*Work item:* Records appear below. Give all of them again, exactly.

───── The data ─────

(* For the algorithm described in the context (under Assumptions (A1), (A2), (A3)), for each of the two step-size choices $\gamma_t(i)=\beta(t)$ and $\gamma_t(i)=\beta(n_t(i))$, almost surely for every state $i\in S$: $\sum_{t=0}^\infty q_{\mu_t}(i)\gamma_t(i)=\infty$ and $\sum_{t=0}^\infty q_{\mu_t}(i)^2\gamma_t(i)^2<\infty$.
   Context: Let $\alpha\in(0,1)$ and let $X$ be a Markov decision process with finite state space $S=\{1,\dots,n\}$, finite nonempty action sets $\mathcal A(i)$ ($i\in S$), transition probabilities $P_{ij}(u)$ ($u\in\mathcal A(i)$) and deterministic costs $c(i,u)\ge 0$. A policy is a map $\mu$ with $\mu(i)\in\mathcal A(i)$ for all $i$; it induces a Markov chain $X^\mu$ with transition probabilities $P_{ij}(\mu(i))$. A fixed probability distribution $p$ on $S$ is used as the initial distribution for all policies, and $q_\mu(i)$ denotes the probability that $X^\mu$ with $X^\mu_0\sim p$ ever visits $i$. Assumption (A1): $q_\mu(i)>0$ for every policy $\mu$ and every $i\in S$ (hence, as there are finitely many policies, $q_\mu(i)\ge\delta$ for some $\delta>0$). Assumption (A2): for all $i,j\in S$ and $u,v\in\mathcal A(i)$, $P_{ij}(u)>0$ iff $P_{ij}(v)>0$. The reachability graph is $G=(S,E)$ with $E=\{(i,j):P_{ij}(u)>0\text{ for some }u\}$; $\mathcal T$ denotes its set of transient states. Assumption (A3): the subgraph of $G$ induced by $\mathcal T$ is acyclic. Algorithm: set $J_0=0$. At iteration $t=0,1,2,\dots$: choose a greedy policy $\mu_t$ with respect to $J_t$, i.e. $\mu_t(i)\in\arg\min_{u\in\mathcal A(i)}[c(i,u)+\alpha\sum_jP_{ij}(u)J_t(j)]$; independently of the past, draw $X_0^{\mu_t}\sim p$ and simulate a trajectory $(X^{\mu_t}_k)_{k\ge0}$ under $\mu_t$. Let $N_t(i)=\inf\{k: X^{\mu_t}_k=i\}$ and, when $N_t(i)<\infty$, $\tilde J^{\mu_t}(i)=\sum_{k\ge N_t(i)}\alpha^{k-N_t(i)}c(X^{\mu_t}_k,\mu_t(X^{\mu_t}_k))$. Then $J_{t+1}(i)=(1-\gamma_t(i))J_t(i)+\gamma_t(i)\tilde J^{\mu_t}(i)$ if $N_t(i)<\infty$, and $J_{t+1}(i)=J_t(i)$ otherwise. Step sizes: $\beta:\mathbb N\to(0,1]$ deterministic with $\sum_t\beta(t)=\infty$, $\sum_t\beta(t)^2<\infty$, and $\beta$ nonincreasing for $t>T_0$ for some constant $T_0$. $n_t(i)=\sum_{\tau<t}\mathbf 1\{\text{trajectory at iteration }\tau\text{ visits }i\}$ is the number of iterations before $t$ whose trajectory visited $i$. *)

From HB Require Import structures.
From mathcomp Require Import all_boot all_order all_algebra.
From mathcomp Require Import all_classical all_reals all_analysis.
Set Implicit Arguments.
Unset Strict Implicit.
Unset Printing Implicit Defensive.
Import Order.TTheory GRing.Theory Num.Theory.
Import numFieldNormedType.Exports.
Local Open Scope classical_set_scope.
Local Open Scope ring_scope.

(* MDP data: states S (finite), a finite type Act of action labels, with   *)
(* the admissible action set A(i) given by the predicate [adm i].          *)
(* Transition probabilities P i u j = P_ij(u), costs c i u.                *)

Section MDP.
Variables (R : realType) (S Act : finType).

Definition is_policy (adm : S -> pred Act) (mu : {ffun S -> Act}) :=
  forall i, mu i \in adm i.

─────

*Task answer:*
(* For the algorithm described in the context (under Assumptions (A1), (A2), (A3)), for each of the two step-size choices $\gamma_t(i)=\beta(t)$ and $\gamma_t(i)=\beta(n_t(i))$, almost surely for every state $i\in S$: $\sum_{t=0}^\infty q_{\mu_t}(i)\gamma_t(i)=\infty$ and $\sum_{t=0}^\infty q_{\mu_t}(i)^2\gamma_t(i)^2<\infty$.
   Context: Let $\alpha\in(0,1)$ and let $X$ be a Markov decision process with finite state space $S=\{1,\dots,n\}$, finite nonempty action sets $\mathcal A(i)$ ($i\in S$), transition probabilities $P_{ij}(u)$ ($u\in\mathcal A(i)$) and deterministic costs $c(i,u)\ge 0$. A policy is a map $\mu$ with $\mu(i)\in\mathcal A(i)$ for all $i$; it induces a Markov chain $X^\mu$ with transition probabilities $P_{ij}(\mu(i))$. A fixed probability distribution $p$ on $S$ is used as the initial distribution for all policies, and $q_\mu(i)$ denotes the probability that $X^\mu$ with $X^\mu_0\sim p$ ever visits $i$. Assumption (A1): $q_\mu(i)>0$ for every policy $\mu$ and every $i\in S$ (hence, as there are finitely many policies, $q_\mu(i)\ge\delta$ for some $\delta>0$). Assumption (A2): for all $i,j\in S$ and $u,v\in\mathcal A(i)$, $P_{ij}(u)>0$ iff $P_{ij}(v)>0$. The reachability graph is $G=(S,E)$ with $E=\{(i,j):P_{ij}(u)>0\text{ for some }u\}$; $\mathcal T$ denotes its set of transient states. Assumption (A3): the subgraph of $G$ induced by $\mathcal T$ is acyclic. Algorithm: set $J_0=0$. At iteration $t=0,1,2,\dots$: choose a greedy policy $\mu_t$ with respect to $J_t$, i.e. $\mu_t(i)\in\arg\min_{u\in\mathcal A(i)}[c(i,u)+\alpha\sum_jP_{ij}(u)J_t(j)]$; independently of the past, draw $X_0^{\mu_t}\sim p$ and simulate a trajectory $(X^{\mu_t}_k)_{k\ge0}$ under $\mu_t$. Let $N_t(i)=\inf\{k: X^{\mu_t}_k=i\}$ and, when $N_t(i)<\infty$, $\tilde J^{\mu_t}(i)=\sum_{k\ge N_t(i)}\alpha^{k-N_t(i)}c(X^{\mu_t}_k,\mu_t(X^{\mu_t}_k))$. Then $J_{t+1}(i)=(1-\gamma_t(i))J_t(i)+\gamma_t(i)\tilde J^{\mu_t}(i)$ if $N_t(i)<\infty$, and $J_{t+1}(i)=J_t(i)$ otherwise. Step sizes: $\beta:\mathbb N\to(0,1]$ deterministic with $\sum_t\beta(t)=\infty$, $\sum_t\beta(t)^2<\infty$, and $\beta$ nonincreasing for $t>T_0$ for some constant $T_0$. $n_t(i)=\sum_{\tau<t}\mathbf 1\{\text{trajectory at iteration }\tau\text{ visits }i\}$ is the number of iterations before $t$ whose trajectory visited $i$. *)

From HB Require Import structures.
From mathcomp Require Import all_boot all_order all_algebra.
From mathcomp Require Import all_classical all_reals all_analysis.
Set Implicit Arguments.
Unset Strict Implicit.
Unset Printing Implicit Defensive.
Import Order.TTheory GRing.Theory Num.Theory.
Import numFieldNormedType.Exports.
Local Open Scope classical_set_scope.
Local Open Scope ring_scope.

(* MDP data: states S (finite), a finite type Act of action labels, with   *)
(* the admissible action set A(i) given by the predicate [adm i].          *)
(* Transition probabilities P i u j = P_ij(u), costs c i u.                *)

Section MDP.
Variables (R : realType) (S Act : finType).

Definition is_policy (adm : S -> pred Act) (mu : {ffun S -> Act}) :=
  forall i, mu i \in adm i.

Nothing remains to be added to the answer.